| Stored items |
=-=-=

(* Let $(p,\mathcal D,L)$ be a Hadamard triple on $\mathbb R$ with $p>1$, $0\in\mathcal D\subset\{0,1,2,\dots\}$, and $p=\#\mathcal D$. Then $$T_{p,\mathcal D}=[0,1)\setminus\tfrac{1}{\gcd\mathcal D}\mathbb Z .$$
   Context: A Hadamard triple on $\mathbb R$ is a triple $(p,\mathcal D,L)$ with $p>1$ an integer, $\mathcal D,L\subset\mathbb Z$ finite with $\#\mathcal D=\#L$, such that $\frac{1}{\sqrt{\#\mathcal D}}\big[e^{2\pi i d\ell/p}\big]_{\ell\in L,d\in\mathcal D}$ is unitary. For finite $A\subset\mathbb R$, $\widehat{\delta_{cA}}(\xi)=\frac1{\#A}\sum_{a\in A}e^{2\pi i ca\xi}$. $T_{p,D}$ (the Double Points Condition Set) denotes the set of $\xi\in[0,1)$ for which there exist distinct $\ell_1,\ell_2\in\{0,\dots,p-1\}$ with $\widehat{\delta_{p^{-1}D}}(\xi+\ell_i)\ne0$, $i=1,2$. Here $\gcd\mathcal D$ is the greatest common divisor of the elements of $\mathcal D$ (with $\mathcal D\ne\{0\}$). *)

From HB Require Import structures.
From mathcomp Require Import all_boot all_order all_algebra.
From mathcomp Require Import all_classical all_reals.
From mathcomp Require Import ereal topology normedtype sequences exp trigo.
From mathcomp Require Import complex.
Unset Printing Implicit Defensive.
Import Order.TTheory GRing.Theory Num.Theory.
Local Open Scope ring_scope.
Local Open Scope complex_scope.

Definition expi (R : realType) (t : R) : R[i] :=
  (cos (2 * pi * t) +i* sin (2 * pi * t))%C.

Arguments expi {R}.

(* The matrix (1/sqrt #D) [ e^{2 pi i d l / p} ]_{l in L, d in D},
   finite sets D, L of integers being represented by duplicate-free lists. *)
Definition hadamard_mx (R : realType) (p : nat) (D L : seq int)
  : 'M[R[i]]_(size L, size D) :=
  \matrix_(a < size L, b < size D)
    (((Num.sqrt ((size D)%:R : R))^-1)%:C *
      expi ((nth 0 D b * nth 0 L a)%:~R / (p%:R : R))).

Definition unitary_mx (R : realType) (n : nat) (M : 'M[R[i]]_n) : Prop :=
  M *m (map_mx Num.conj M)^T = 1%:M /\ (map_mx Num.conj M)^T *m M = 1%:M.

Definition hadamard_triple (R : realType) (p : nat) (D L : seq int) : Prop :=
  [/\ (1 < p)%N, uniq D, uniq L &
    exists e : size L = size D,
      @unitary_mx R (size D) (castmx (e, erefl) (hadamard_mx R p D L))].

(* Fourier transform of the uniform measure on c A:
   \hat{delta_{cA}}(xi) = (1/#A) sum_{a in A} e^{2 pi i c a xi} *)
Definition ft_delta (R : realType) (c : R) (A : seq int) (xi : R) : R[i] :=
  ((size A)%:R : R[i])^-1 * \sum_(a <- A) expi (c * a%:~R * xi).

Arguments ft_delta {R}.

Definition Tset (R : realType) (p : nat) (D : seq int) : set R :=
  [set xi | 0 <= xi < 1 /\
     exists l1 l2 : nat, [/\ (l1 < p)%N, (l2 < p)%N, l1 <> l2,
       ft_delta (p%:R^-1) D (xi + l1%:R) != 0 &
       ft_delta (p%:R^-1) D (xi + l2%:R) != 0]].

Definition gcd_seq (D : seq int) : int := foldr gcdz 0 D.

From HB Require Import structures.
From mathcomp Require Import all_boot all_order all_algebra.
From mathcomp Require Import all_classical all_reals.
From mathcomp Require Import ereal topology normedtype sequences exp trigo.
From mathcomp Require Import complex.
From mathcomp Require Import ring lra zify.
Import Order.TTheory GRing.Theory Num.Theory.
Local Open Scope ring_scope.
Local Open Scope classical_set_scope.
Definition isomorphic n (G H : graph n) : Prop :=
  exists s : {perm 'I_n}, forall x y, adj G x y = adj H (s x) (s y).

Definition rooted_isomorphic n (G H : graph n * 'I_n) : Prop :=
  exists s : {perm 'I_n}, s G.2 = H.2 /\
     forall x y, adj G.1 x y = adj H.1 (s x) (s y).

Definition num_unlabelled_trees n (P : graph n -> bool) : nat :=
  #|[set [set H : graph n | is_tree H && `[< isomorphic G H >]] |
       G in [set G : graph n | is_tree G && P G]]|.

Definition num_rooted_trees k : nat :=
  #|[set [set H : graph k * 'I_k | is_tree H.1 && `[< rooted_isomorphic G H >]] |
       G in [set G : graph k * 'I_k | is_tree G.1]]|.

(* A rooted tree on k vertices is hung from a bead, i.e. a new vertex that also
   carries a pendant leaf, and m beads are strung onto a rooted path with
   between k + 3 and 2k + 4 vertices.  This gives trees on n vertices, with
   n - m (k + 2) the size of the path, of maximum degree at most k + 4 and with
   at least m leaves.  Distinct sequences of rooted classes of the hanging
   trees give rooted trees that are not isomorphic: a rooted isomorphism has
   to map the branch at the root containing the rest of the chain (more than
   k + 2 vertices) onto its counterpart, and then the branch holding the
   hanging tree (k > 2 vertices) onto its counterpart.  Forgetting the root
   loses a factor at most n, so a_k^m <= n * #(unlabelled trees).  As
   a_k^(1/k) -> alpha, some k >= 3 has a_k >= 4 (alpha - eps)^(k + 2), and then
   a_k^m >= n (alpha - eps)^n for every large n. *)

From HB Require Import structures.
From mathcomp Require Import all_boot all_order all_algebra all_fingroup.
From mathcomp Require Import all_classical all_reals all_analysis.
From mathcomp Require Import zify lra.
Import Order.TTheory GRing.Theory Num.Theory numFieldNormedType.Exports.
Set Implicit Arguments. Unset Strict Implicit. Unset Printing Implicit Defensive.

Local Open Scope nat_scope.

Lemma connect_homo (T T' : finType) (e : rel T) (e' : rel T') (f : T -> T') :
  {homo f : x y / e x y >-> e' x y} -> {homo f : x y / connect e x y >-> connect e' x y}.
Proof.
move=> fe x y /connectP[p ep ->]; apply/connectP.
by exists (map f p); [exact: homo_path ep | rewrite last_map].
Qed.

Lemma simple_graphP n (G : graph n) :
  reflect (irreflexive (adj G) /\ symmetric (adj G)) (simple_graph G).
Proof.
apply: (iffP andP) => [[/forallP irr /forallP sym] | [irr sym]]; split.
- by move=> x; apply/negbTE.
- by move=> x y; apply/eqP; have /forallP := sym x; apply.
- by apply/forallP => x; rewrite irr.
- by apply/forallP => x; apply/forallP => y; rewrite sym.
Qed.

Lemma treeP n (G : graph n) :
  reflect [/\ simple_graph G, forall x y, connect (adj G) x y & acyclic_graph G]
          (is_tree G).
Proof.
apply: (iffP and3P) => [[sG /forallP cG /asboolP aG] | [sG cG aG]]; split=> //.
- by move=> x y; have /forallP := cG x; apply.
- by apply/forallP => x; apply/forallP => y; apply: cG.
- exact/asboolP.
Qed.

Lemma ucycle_map_inj n m (H : graph n) (H' : graph m) (f : 'I_n -> 'I_m) c :
  injective f -> (forall x y, adj H' (f x) (f y) = adj H x y) ->
  ucycleb (adj H') (map f c) = ucycleb (adj H) c.
Proof. by move=> f_inj f_adj; rewrite /ucycleb (mono_cycle f_adj) (map_inj_uniq f_inj). Qed.

Lemma split_lshift a b (x : 'I_a) : fintype.split (lshift b x) = inl x.
Proof. exact: (unsplitK (inl _ x)). Qed.

Lemma split_rshift a b (y : 'I_b) : fintype.split (rshift a y) = inr y.
Proof. exact: (unsplitK (inr _ y)). Qed.

Lemma ltn_lshift a b (x : 'I_a) : lshift b x < a.
Proof. exact: (ltn_ord x). Qed.

Lemma ltn_rshift a b (y : 'I_b) : (rshift a y < a) = false.
Proof. by rewrite /= ltnNge leq_addr. Qed.

Lemma all_ltn_lshift a b (c : seq 'I_(a + b)) :
  all (fun p : 'I_(a + b) => p < a) c -> exists c', c = map (lshift b) c'.
Proof.
elim: c => [|p c IHc] /=; first by exists [::].
case/andP; case: (split_ordP p) => [x ->|y ->] // _.
by case/IHc => c' ->; exists (x :: c').
Qed.

Lemma all_geq_rshift a b (c : seq 'I_(a + b)) :
  all (fun p : 'I_(a + b) => a <= p) c -> exists c', c = map (@rshift a b) c'.
Proof.
elim: c => [|p c IHc] /=; first by exists [::].
case/andP; case: (split_ordP p) => [x ->|y ->]; first by rewrite leqNgt ltn_lshift.
by move=> _ /IHc[c' ->]; exists (y :: c').
Qed.
(* Let $\pi\in\{2143,1234\}$ and $w\in B_n$. If $w$ contains $\pi$, then there exist indices $-n\leq i_1<i_2<i_3<i_4\leq n$ (all nonzero) at which $w$ forms the pattern $\pi$ and such that there is no $k\in\{1,2,3,4\}$ with $i_k>0$ and $w(i_k)<0$.
   Context: $B_n$ is the group of permutations $w$ of $\{-n,\ldots,-1,1,\ldots,n\}$ with $w(-i)=-w(i)$. Indices $i_1<i_2<i_3<i_4$ form the pattern $1234$ if $w(i_1)<w(i_2)<w(i_3)<w(i_4)$, and form the pattern $2143$ if $w(i_2)<w(i_1)<w(i_4)<w(i_3)$. $w$ contains $\pi$ if some such quadruple of indices forms $\pi$. *)

From HB Require Import structures.
From mathcomp Require Import all_boot all_order all_algebra.
Set Implicit Arguments. Unset Strict Implicit. Unset Printing Implicit Defensive.
Import Order.TTheory GRing.Theory Num.Theory.
Local Open Scope ring_scope.

Definition bdom (n : nat) (i : int) : bool := (i != 0) && (`|i| <= n%:Z).

(* w : int -> int represents an element of B_n: it permutes {-n..-1,1..n}
   (injective self-map of this finite set) and satisfies w(-i) = -w(i).
   Values of w outside this set are irrelevant. *)
Definition signed_perm (n : nat) (w : int -> int) : Prop :=
  [/\ (forall i, bdom n i -> bdom n (w i)),
      {in bdom n &, injective w} &
      (forall i, bdom n i -> w (- i) = - w i)].

Inductive pat := P1234 | P2143.

Definition forms (w : int -> int) (p : pat) (i1 i2 i3 i4 : int) : bool :=
  match p with
  | P1234 => [&& w i1 < w i2, w i2 < w i3 & w i3 < w i4]
  | P2143 => [&& w i2 < w i1, w i1 < w i4 & w i4 < w i3]
  end.

Definition occurrence (n : nat) (w : int -> int) (p : pat) (i1 i2 i3 i4 : int) : bool :=
  [&& bdom n i1, bdom n i2, bdom n i3, bdom n i4,
      i1 < i2, i2 < i3, i3 < i4 & forms w p i1 i2 i3 i4].

Definition contains (n : nat) (w : int -> int) (p : pat) : Prop :=
  exists i1 i2 i3 i4, occurrence n w p i1 i2 i3 i4.

(* Call i > 0 with w(i) < 0 a negative entry of w, and i < 0 with w(i) > 0 a
   mirrored one; since w(-i) = -w(i), reflecting an occurrence
   (i1,i2,i3,i4) to (-i4,-i3,-i2,-i1) preserves both patterns and swaps the
   two kinds of entries.  So an occurrence can be repaired unless it has
   entries of both kinds; a mirrored entry i_j and a negative entry i_k then
   form an inversion i_j < 0 < i_k, w(i_j) > 0 > w(i_k).  The pattern 1234 has
   no inversion, and for 2143 the inversion is {i1,i2} or {i3,i4}; in either
   case one half of the occurrence together with its reflection, e.g.
   (i1,i2,-i2,-i1), is an occurrence without negative entries. *)

From mathcomp Require Import all_boot all_order all_algebra.
From mathcomp Require Import zify.

Set Implicit Arguments.
Unset Strict Implicit.
Unset Printing Implicit Defensive.
Import Order.TTheory GRing.Theory Num.Theory.
Local Open Scope ring_scope.

Definition neg_entry (w : int -> int) (i : int) : bool := (0 < i) && (w i < 0).

Definition mirrored_neg_entry (w : int -> int) (i : int) : bool :=
  (i < 0) && (0 < w i).

Lemma hasNneg_entry (w : int -> int) (s : seq int) :
  ~~ has (neg_entry w) s -> ~ (exists k, k \in s /\ 0 < k /\ w k < 0).
Proof.
move=> /hasPn no_neg [k [ks [k_gt0 wk_lt0]]].
by have := no_neg k ks; rewrite /neg_entry k_gt0 wk_lt0.
Qed.

Lemma bdomN (n : nat) (i : int) : bdom n (- i) = bdom n i.
Proof. by rewrite /bdom oppr_eq0 normrN. Qed.

Lemma occurrence_neg_entries (n : nat) (w : int -> int) (p : pat) (i1 i2 i3 i4 : int) :
  occurrence n w p i1 i2 i3 i4 ->
  has (neg_entry w) [:: i1; i2; i3; i4] ->
  has (mirrored_neg_entry w) [:: i1; i2; i3; i4] ->
  p = P2143 /\ ((i2 < 0 /\ w i1 < 0) \/ (0 < i3 /\ 0 < w i4)).
Proof.
case/and5P=> _ _ _ _ /and4P[? ? ? forms_p].
move=> /hasP[k + /andP[? ?]] /hasP[j + /andP[? ?]].
rewrite !inE => /or4P[] /eqP ? /or4P[] /eqP ?; subst;
  by case: p forms_p => /and3P[? ? ?]; [exfalso | split=> //]; lia.
Qed.

Section OddSignedMap.

Variables (n : nat) (w : int -> int).
Hypothesis w_odd : forall i, bdom n i -> w (- i) = - w i.

Lemma occurrence_reflect (p : pat) (i1 i2 i3 i4 : int) :
  occurrence n w p i1 i2 i3 i4 -> occurrence n w p (- i4) (- i3) (- i2) (- i1).
Proof.
case/and5P=> d1 d2 d3 d4 /and4P[? ? ?].
rewrite /occurrence !bdomN d1 d2 d3 d4.
by case: p => /and3P[? ? ?] /=; rewrite !w_odd //;
  apply/and4P; split; try apply/and3P; try split; lia.
Qed.

Lemma has_neg_entry_reflect (i1 i2 i3 i4 : int) :
  all (bdom n) [:: i1; i2; i3; i4] ->
  has (neg_entry w) [:: - i4; - i3; - i2; - i1] =
  has (mirrored_neg_entry w) [:: i1; i2; i3; i4].
Proof.
case/and5P=> d1 d2 d3 d4 _.
rewrite /= /neg_entry /mirrored_neg_entry !w_odd // !oppr_gt0 !oppr_lt0.
by do 4 case: (_ < 0); do ?case: (0 < _).
Qed.

Lemma occurrence2143_mirror_left (i1 i2 i3 i4 : int) :
  occurrence n w P2143 i1 i2 i3 i4 -> i2 < 0 -> w i1 < 0 ->
  occurrence n w P2143 i1 i2 (- i2) (- i1) &&
  ~~ has (neg_entry w) [:: i1; i2; - i2; - i1].
Proof.
case/and5P=> d1 d2 _ _ /and4P[? _ _ /and3P[? _ _]] ? ?.
rewrite /occurrence /neg_entry /= !bdomN d1 d2 !w_odd //.
apply/andP; split; first (apply/and4P; split; try apply/and3P; try split; lia).
apply/negP; lia.
Qed.

Lemma occurrence2143_mirror_right (i1 i2 i3 i4 : int) :
  occurrence n w P2143 i1 i2 i3 i4 -> 0 < i3 -> 0 < w i4 ->
  occurrence n w P2143 (- i4) (- i3) i3 i4 &&
  ~~ has (neg_entry w) [:: - i4; - i3; i3; i4].
Proof.
move=> occ i3_gt0 wi4_gt0; have d4 : bdom n i4 by case/and5P: occ.
have := occurrence2143_mirror_left (occurrence_reflect occ).
by rewrite !opprK w_odd // !oppr_lt0; apply.
Qed.

End OddSignedMap.

Theorem lemma2p2 (n : nat) (w : int -> int) (p : pat) :
  signed_perm n w -> contains n w p ->
  exists i1 i2 i3 i4 : int,
    occurrence n w p i1 i2 i3 i4 /\
    ~ (exists k : int, k \in [:: i1; i2; i3; i4] /\ 0 < k /\ w k < 0).
Proof.
case=> _ _ w_odd [i1 [i2 [i3 [i4 occ]]]].
have in_bdom : all (bdom n) [:: i1; i2; i3; i4].
  by case/and5P: occ => d1 d2 d3 d4 _; apply/and5P.
have [has_neg | no_neg] := boolP (has (neg_entry w) [:: i1; i2; i3; i4]); last first.
  by exists i1, i2, i3, i4; split; last exact: hasNneg_entry no_neg.
have [has_mneg | no_mneg] := boolP (has (mirrored_neg_entry w) [:: i1; i2; i3; i4]); last first.
  exists (- i4), (- i3), (- i2), (- i1); split; first exact: occurrence_reflect.
  by apply: hasNneg_entry; rewrite (has_neg_entry_reflect w_odd in_bdom).
have [p_eq sign_cases] := occurrence_neg_entries occ has_neg has_mneg; subst p.
case: sign_cases => [[i2_lt0 wi1_lt0] | [i3_gt0 wi4_gt0]].
  have /andP[occ' no_neg'] := occurrence2143_mirror_left w_odd occ i2_lt0 wi1_lt0.
  by exists i1, i2, (- i2), (- i1); split; last exact: hasNneg_entry no_neg'.
have /andP[occ' no_neg'] := occurrence2143_mirror_right w_odd occ i3_gt0 wi4_gt0.
by exists (- i4), (- i3), i3, i4; split; last exact: hasNneg_entry no_neg'.
Qed.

=-=-=

| EXERCISE AIM |
Reproduce each line from the records that contains the word "asboolP".

| FINISHED EXERCISE |
apply: (iffP and3P) => [[sG /forallP cG /asboolP aG] | [sG cG aG]]; split=> //.
- exact/asboolP.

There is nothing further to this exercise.